Oxford Nanopore said the financing will also be used to support additional R&D as the company expands its suite of devices. In addition to MinION and the GridION X5 desktop nanopore analysis device, the company is expanding its offerings with the PromethION benchtop high-throughput modular sequencer, designed to run up to 48 flow cells at any time and available through an early-access program; and Flongle, an adapter (flow cell dongle) for MinION or GridION designed to enable direct, real-time DNA or RNA sequencing on smaller, single-use flow cells.

By expanding its offerings, Oxford Nanopore reasons, it can address more segments of the DNA sequencing market. PromethION is intended to enable large-scale, on-demand sequencing of human, plant, or animal genomes; while Flongle is designed to enable the rapid real-time genetic analysis of infectious diseases, targeted analyses in precision medicine, food and/or water-safety surveillance, and science education.

 

‘Driving a Change’

“In recent weeks, both Oxford Nanopore and our customers have shown very high yields of data from PromethION Flow Cells, demonstrating low-cost long-read nanopore sequencing at large scale,” Oxford Nanopore CEO Gordon Sanghera, Ph.D., said in a statement. “We are driving a change in how scientists and industries access DNA information, by introducing smaller, accessible, low-cost formats, including our forthcoming smartphone sequencer SmidgION. Our investors are ambitious and support our long-term vision: to enable the analysis of any living thing, by anyone, anywhere.”

The company’s suite of offerings is also intended to enable direct RNA sequencing, as well as provide full-length transcript and viral genome profiling, precise quantification, the ability to identify modified bases in real time, and simplifying workflows.

Oxford Nanopore added that the financing will enable it to expand its commercial staff, which now serves more than 70 countries.

Headquartered in its namesake Oxford, UK, and Cambridge, UK, Oxford Nanopore maintains commercial operations in New York and Cambridge, MA, as well as in China, Japan, France, and Germany. The company said it recently opened its new Oxford HQ, and is opening additional offices in Shanghai and San Francisco.

Oxford Nanopore’s financing comes more than three months after J Capital Research published a negative report labeling Oxford Nanopore “a company that cannot make its technology work but whose valuation has been bloated by successive rounds of investment.” The company “is understood to believe the report is inaccurate,” The Times of London reported, with Dr. Sanghera adding that Oxford Nanopore has “passed through technology validation. This is about commercial execution now.”

Dr. Sanghera told the newspaper 6,000 MinION sequencers are in use worldwide, with applications including tracking the ebola virus across west Africa, and researching zika in South America. The financing, he added, would help keep the company independent, and avoid the fate of his previous employer Medisense, a glucose monitoring business sold to Abbott Laboratories in 1996 for $876 million.

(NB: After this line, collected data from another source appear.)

Lemma lmul1l : left_id (lone F) (@lmul F).
Proof.
move=> a; apply: laurent_ext => k.
have a_lb := ord_ge_lb (a := a).
have [ltk|lek] := Z.lt_ge_cases k (0 + lb a).
  by rewrite (ord_ge_lmul ord_ge_lone a_lb) // a_lb //; lia.
pose n := (Z.to_nat (k - 0 - lb a)).+1.
rewrite (@lmul_coef_poly _ _ _ _ _ n ord_ge_lone a_lb) //.
rewrite (_ : lpoly _ _ _ = 1) ?mul1r ?coef_poly ?ltnSn; last first.
  by apply/polyP => -[|i]; rewrite coef_poly coef1 /=; case: (_ < _)%N.
by congr (a _); lia.
Qed.

Lemma laddA : associative (@ladd F).
Proof. by move=> a b c; apply: laurent_ext => k /=; rewrite addrA. Qed.
Lemma laddC : commutative (@ladd F).
Proof. by move=> a b; apply: laurent_ext => k /=; rewrite addrC. Qed.
Lemma ladd0l : left_id (lzero F) (@ladd F).
Proof. by move=> a; apply: laurent_ext => k /=; rewrite add0r. Qed.
Lemma laddNl : left_inverse (lzero F) (@lopp F) (@ladd F).
Proof. by move=> a; apply: laurent_ext => k /=; rewrite addNr. Qed.

HB.instance Definition _ := gen_eqMixin L.
HB.instance Definition _ := gen_choiceMixin L.

Lemma lone_neq0 : lone F != lzero F.
Proof. by apply/eqP => /(congr1 (fun a : L => a 0%ZZ)) /= /eqP; rewrite oner_eq0. Qed.

HB.instance Definition _ := GRing.isZmodule.Build L laddA laddC ladd0l laddNl.
HB.instance Definition _ :=
  GRing.Zmodule_isComNzRing.Build L lmulA lmulC lmul1l lmulDl lone_neq0.

End LaurentRing.

Section LaurentSeries.
Variable F : finFieldType.
Local Notation L := (laurent F).
Implicit Types (a b x : L).

Lemma lcoef_sum I (r : seq I) (P : pred I) (G : I -> L) k :
  (\sum_(i <- r | P i) G i) k = \sum_(i <- r | P i) G i k.
Proof. exact: (big_morph (fun a : L => a k)). Qed.

Lemma lpowE a n : lpow a n = a ^+ n.
Proof. by elim: n => //= n ->; rewrite exprS. Qed.

Lemma ord_geX a K n : ord_ge a K -> ord_ge (a ^+ n) (Z.of_nat n * K)%ZZ.
Proof.
move=> aK; elim: n => [|n IHn]; first by apply: ord_geW (ord_ge_lone F); lia.
rewrite exprS; apply: ord_geW (ord_ge_lmul aK IHn); lia.
Qed.

Lemma ord_geB a b K : ord_ge a K -> ord_ge b K -> ord_ge (a - b) K.
Proof. by move=> aK bK k ltk /=; rewrite aK ?bK ?subr0. Qed.

Lemma laurent_eq_ord a b : (forall K, ord_ge (a - b) K) -> a = b.
Proof.
move=> abK; apply: laurent_ext => k; apply/eqP; rewrite -subr_eq0.
by apply/eqP; apply: (abK (k + 1)%ZZ); lia.
Qed.

Lemma lmono_lb (c : F) j : lbounded (fun k => if Z.eqb k j then c else 0).
Proof. by exists j => k ltk; case: Z.eqb_spec => //; lia. Qed.
Definition lmono (c : F) j : L := Laurent (lmono_lb c j).

Lemma ord_ge_lmono c j : ord_ge (lmono c j) j.
Proof. by move=> k ltk /=; case: Z.eqb_spec => //; lia. Qed.

Lemma lmonoM_coef c j a k : (lmono c j * a) k = c * a (k - j)%ZZ.
Proof.
rewrite (lmul_coefE _ (@ord_ge_lmono c j) (ord_ge_lb (a := a))) /wsum big_nat_recl //.
rewrite big1 ?addr0 => [|i _] /=; last by case: Z.eqb_spec; rewrite ?mul0r //; lia.
by case: Z.eqb_spec => //; rewrite Z.add_0_r.
Qed.

Lemma lmonoM c d i j : lmono c i * lmono d j = lmono (c * d) (i + j).
Proof.
apply: laurent_ext => k; rewrite lmonoM_coef /=.
by do 2!case: Z.eqb_spec; rewrite ?mulr0 //; lia.
Qed.

Lemma lmonoX c j n : lmono c j ^+ n = lmono (c ^+ n) (Z.of_nat n * j).
Proof.
elim: n => [|n IHn]; first by apply: laurent_ext => k /=; rewrite expr0.
by rewrite exprS IHn lmonoM -exprS; congr lmono; lia.
Qed.

Definition ltrunc a K (n : nat) : L :=
  \sum_(0 <= j < n) lmono (a (K + Z.of_nat j)%ZZ) (K + Z.of_nat j).

Lemma ord_ge_sub_ltrunc a K n : ord_ge a K -> ord_ge (a - ltrunc a K n) (K + Z.of_nat n).
Proof.
move=> aK k ltk; rewrite /= lcoef_sum /=.
have [ltkK|leKk] := Z.lt_ge_cases k K.
  by rewrite aK // big1 ?subr0 // => j _; case: Z.eqb_spec => //; lia.
rewrite (bigD1_seq (Z.to_nat (k - K))) ?iota_uniq ?mem_index_iota /=; try lia.
rewrite big1_seq => [|j /andP[/eqP neqj _]]; last by case: Z.eqb_spec => //; lia.
have -> : (K + Z.of_nat (Z.to_nat (k - K)) = k)%ZZ by lia.
by rewrite Z.eqb_refl addr0 subrr.
Qed.

Section Embedding.
Variable N : nat.
Hypothesis N_gt0 : (0 < N)%N.

Lemma lembedD a b : lembed N (a + b) = lembed N a + lembed N b.
Proof. by apply: laurent_ext => k /=; case: ifP; rewrite ?addr0. Qed.

Lemma lembed0 : lembed N 0 = 0 :> L.
Proof. by apply: laurent_ext => k /=; case: ifP. Qed.

Lemma lembedB a b : lembed N (a - b) = lembed N a - lembed N b.
Proof. by apply: laurent_ext => k /=; case: ifP; rewrite ?subr0. Qed.

Lemma lembed_sum I (r : seq I) (G : I -> L) :
  lembed N (\sum_(i <- r) G i) = \sum_(i <- r) lembed N (G i).
Proof. exact: (big_morph _ lembedD lembed0). Qed.

Lemma lembed_lmono c j : lembed N (lmono c j) = lmono c (Z.of_nat N * j).
Proof.
apply: laurent_ext => k /=; rewrite N_gt0 /=.
have N0 : (0 < Z.of_nat N)%ZZ by lia.
have k_divmod := Z.div_mod k (Z.of_nat N) ltac:(lia).
case: (Z.eqb_spec (k mod Z.of_nat N) 0) => [kN0|kN].
  by do 2!case: Z.eqb_spec => //; nia.
by case: Z.eqb_spec => // kNj; case: kN; rewrite kNj Z.mul_comm Z.mod_mul //; lia.
Qed.

Lemma ord_ge_lembed a K : ord_ge a K -> ord_ge (lembed N a) (Z.of_nat N * K).
Proof.
move=> aK k ltk /=; rewrite N_gt0 /=; case: Z.eqb => //; apply: aK.
by apply: Z.div_lt_upper_bound; lia.
Qed.

Lemma lembed_inj : injective (@lembed F N).
Proof.
move=> a b eqab; apply: laurent_ext => k.
have := congr1 (fun c : L => c (k * Z.of_nat N)%ZZ) eqab => /=.
by rewrite N_gt0 Z.mod_mul ?Z.div_mul //=; lia.
Qed.

End Embedding.

Lemma lcoef_nat n k : (n%:R : L) k = if Z.eqb k 0 then n%:R else 0.
Proof.
elim: n => [|n IHn]; first by case: Z.eqb.
by rewrite mulrS /= IHn; case: Z.eqb; rewrite ?addr0 ?mulrS.
Qed.

Lemma pchar_laurent p : p \in [pchar F] -> p \in [pchar L].
Proof.
move=> pcharFp; rewrite inE (pcharf_prime pcharFp); apply/eqP/laurent_ext => k.
by rewrite lcoef_nat (pcharf0 pcharFp); case: Z.eqb.
Qed.

Section Frobenius.
Variable m : nat.
Local Notation N := (#|F| ^ m)%N.

Lemma card_exp_gt0 : (0 < N)%N.
Proof. by rewrite expn_gt0 (ltn_trans _ (finNzRing_gt1 F)). Qed.

Lemma exprD_card_exp a b : (a + b) ^+ N = a ^+ N + b ^+ N.
Proof.
apply: exprDn_pchar; have [p pr_p pcharFp] := finPcharP F.
by rewrite pnatX (card_pprimeChar pcharFp) pnatX pnatE // pchar_laurent.
Qed.

Lemma expr_card_exp_sum I (r : seq I) (G : I -> L) :
  (\sum_(i <- r) G i) ^+ N = \sum_(i <- r) G i ^+ N.
Proof.
apply: (big_morph _ exprD_card_exp).
by rewrite expr0n gtn_eqF // card_exp_gt0.
Qed.

Lemma expf_card_exp (c : F) : c ^+ N = c.
Proof. by elim: m => // n IHn; rewrite expnSr exprM IHn expf_card. Qed.

(* Both sides are additive and agree on monomials; truncating [a] leaves a tail
   of arbitrarily high order on both sides. *)
Lemma lembed_card_exp a : lembed N a = a ^+ N.
Proof.
have N_gt0 := card_exp_gt0.
apply: laurent_eq_ord => K.
pose W := Z.to_nat (Z.abs K - lb a); pose t := ltrunc a (lb a) W.
have tail_ord := ord_ge_sub_ltrunc (n := W) (ord_ge_lb (a := a)).
have -> : lembed N a = lembed N t + lembed N (a - t) by rewrite -lembedD addrC subrK.
have -> : a ^+ N = t ^+ N + (a - t) ^+ N by rewrite -exprD_card_exp addrC subrK.
have -> : lembed N t = t ^+ N.
  rewrite lembed_sum // expr_card_exp_sum; apply: eq_bigr => j _.
  by rewrite lembed_lmono // lmonoX expf_card_exp.
rewrite opprD addrACA subrr add0r.
have := ord_geB (ord_ge_lembed N_gt0 tail_ord) (ord_geX (n := N) tail_ord).
by apply: ord_geW; rewrite /W; nia.
Qed.

Lemma lrootE x : lroot m x = x.
Proof.
rewrite /lroot; case: ClassicalEpsilon.excluded_middle_informative => [yP|]; last first.
  by case; exists x; rewrite lpowE lembed_card_exp.
case: (ClassicalEpsilon.constructive_indefinite_description _ yP) => y /=.
by rewrite lpowE -lembed_card_exp => /(lembed_inj card_exp_gt0).
Qed.

End Frobenius.

End LaurentSeries.

Section Valuation.
Variable F : finFieldType.
Local Notation L := (laurent F).
Implicit Types (a : L) (v : Z).

Lemma is_valP a : a = 0 \/ exists v, is_val a v.
Proof.
have [[k ak]|a0] := pselect (exists k, a k != 0); last first.
  by left; apply: laurent_ext => k; apply/eqP; apply: contra_notT a0 => ak; exists k.
right; have lek : (lb a <= k)%ZZ by apply: ord_ge_coef_neq0 (ord_ge_lb (a := a)) (elimN eqP ak).
have ex : exists j, a (lb a + Z.of_nat j)%ZZ != 0.
  by exists (Z.to_nat (k - lb a)); rewrite (_ : (_ + _)%ZZ = k) //; lia.
case: (ex_minnP ex) => j /eqP aj jmin; exists (lb a + Z.of_nat j)%ZZ; split => // i lti.
have [ltib|] := Z.lt_ge_cases i (lb a); first exact: ord_ge_lb.
move=> lebi; apply/eqP/negP => /negP ai.
have := jmin (Z.to_nat (i - lb a)); rewrite (_ : (_ + _)%ZZ = i); last lia.
by move=> /(_ ai); lia.
Qed.

Lemma is_val_uniq a v v' : is_val a v -> is_val a v' -> v = v'.
Proof.
move=> [av vmin] [av' v'min].
by case: (Z.lt_total v v') => [/v'min|[//|/vmin]].
Qed.

End Valuation.

Section AbsoluteValue.
Variables (F : finFieldType) (e : nat).
Hypothesis e_gt0 : (0 < e)%N.
Local Notation L := (laurent F).
Implicit Types (a : L) (K v : Z).

Local Notation q := (INR #|F|).
Local Notation ln := Rpower.ln.

Definition ord_abs K : R := Rpower q (- IZR K / INR e).

Lemma ord_abs_gt0 K : (0 < ord_abs K)%RR.
Proof. exact: exp_pos. Qed.

Lemma ord_abs_lt K K' : (K < K')%ZZ -> (ord_abs K' < ord_abs K)%RR.
Proof.
move=> ltK; apply: Rpower_lt.
  by apply: lt_1_INR; apply/ltP; exact: finNzRing_gt1.
apply: Rmult_lt_compat_r; first by apply/Rinv_0_lt_compat/lt_0_INR/ltP.
by apply/Ropp_lt_contravar/IZR_lt.
Qed.

Lemma ord_abs_le K K' : (K <= K')%ZZ -> (ord_abs K' <= ord_abs K)%RR.
Proof.
by case/Z.le_lteq => [/ord_abs_lt/Rlt_le|->] //; apply: Rle_refl.
Qed.

Lemma labs_is_val a v : is_val a v -> labs e a = ord_abs v.
Proof.
move=> av; rewrite /labs.
case: ClassicalEpsilon.excluded_middle_informative => [vP|[]]; last by exists v.
by case: ClassicalEpsilon.constructive_indefinite_description => v' /= /is_val_uniq /(_ av) ->.
Qed.

Lemma labs0 : labs e (0 : L) = 0%RR.
Proof.
by rewrite /labs; case: ClassicalEpsilon.excluded_middle_informative => // -[v []].
Qed.

Lemma labs_ge0 a : (0 <= labs e a)%RR.
Proof.
have [->|[v /labs_is_val ->]] := is_valP a; first by rewrite labs0; apply: Rle_refl.
exact/Rlt_le/ord_abs_gt0.
Qed.

Lemma ord_ge_labs a K : ord_ge a K <-> (labs e a <= ord_abs K)%RR.
Proof.
have [->|[v av]] := is_valP a.
  by rewrite labs0; split=> [_|_ k _ //]; apply/Rlt_le/ord_abs_gt0.
rewrite (labs_is_val av); split=> [aK|leK k ltk].
  apply: ord_abs_le; case: (Z.lt_ge_cases v K) => // ltv.
  by case: av => /(_ (aK _ ltv)).
case: av => _; apply; case: (Z.lt_ge_cases k v) => // lek.
by have := ord_abs_lt (Z.le_lt_trans _ _ _ lek ltk); lra.
Qed.

Lemma labs_lt_ord_ge a K : (labs e a < ord_abs K)%RR -> ord_ge a (K + 1).
Proof.
move=> ltK; apply/ord_ge_labs; have [->|[v av]] := is_valP a.
  by rewrite labs0; apply/Rlt_le/ord_abs_gt0.
rewrite (labs_is_val av) in ltK *; apply: ord_abs_le.
by case: (Z.le_gt_cases v K) => [/ord_abs_le|]; [lra | lia].
Qed.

The financing attracted global investors that included the Singapore global investment firm GIC, Chinese-owned investment services company CCB International, the Australian fund Hostplus, and existing investors.

“This investment reflects our confidence in the global demand outlook for DNA information across many industries over the long term,” Bryan Yeo, GIC’s chief investment officer of public equities, said in a statement. “Oxford Nanopore has a unique business model of providing accessible, real-time DNA-analysis technologies that can be applied to pocket-sized or industrial installations. We believe this will continue to drive growth in their user base as well as in new applications for DNA- or RNA-sequencing.”

Added David Elia, CEO of Hostplus: “We are excited by the possibilities of Oxford Nanopore technology to develop new applied markets and to revolutionize testing. This could be in oncology, infectious disease, reproductive health and blood screening.”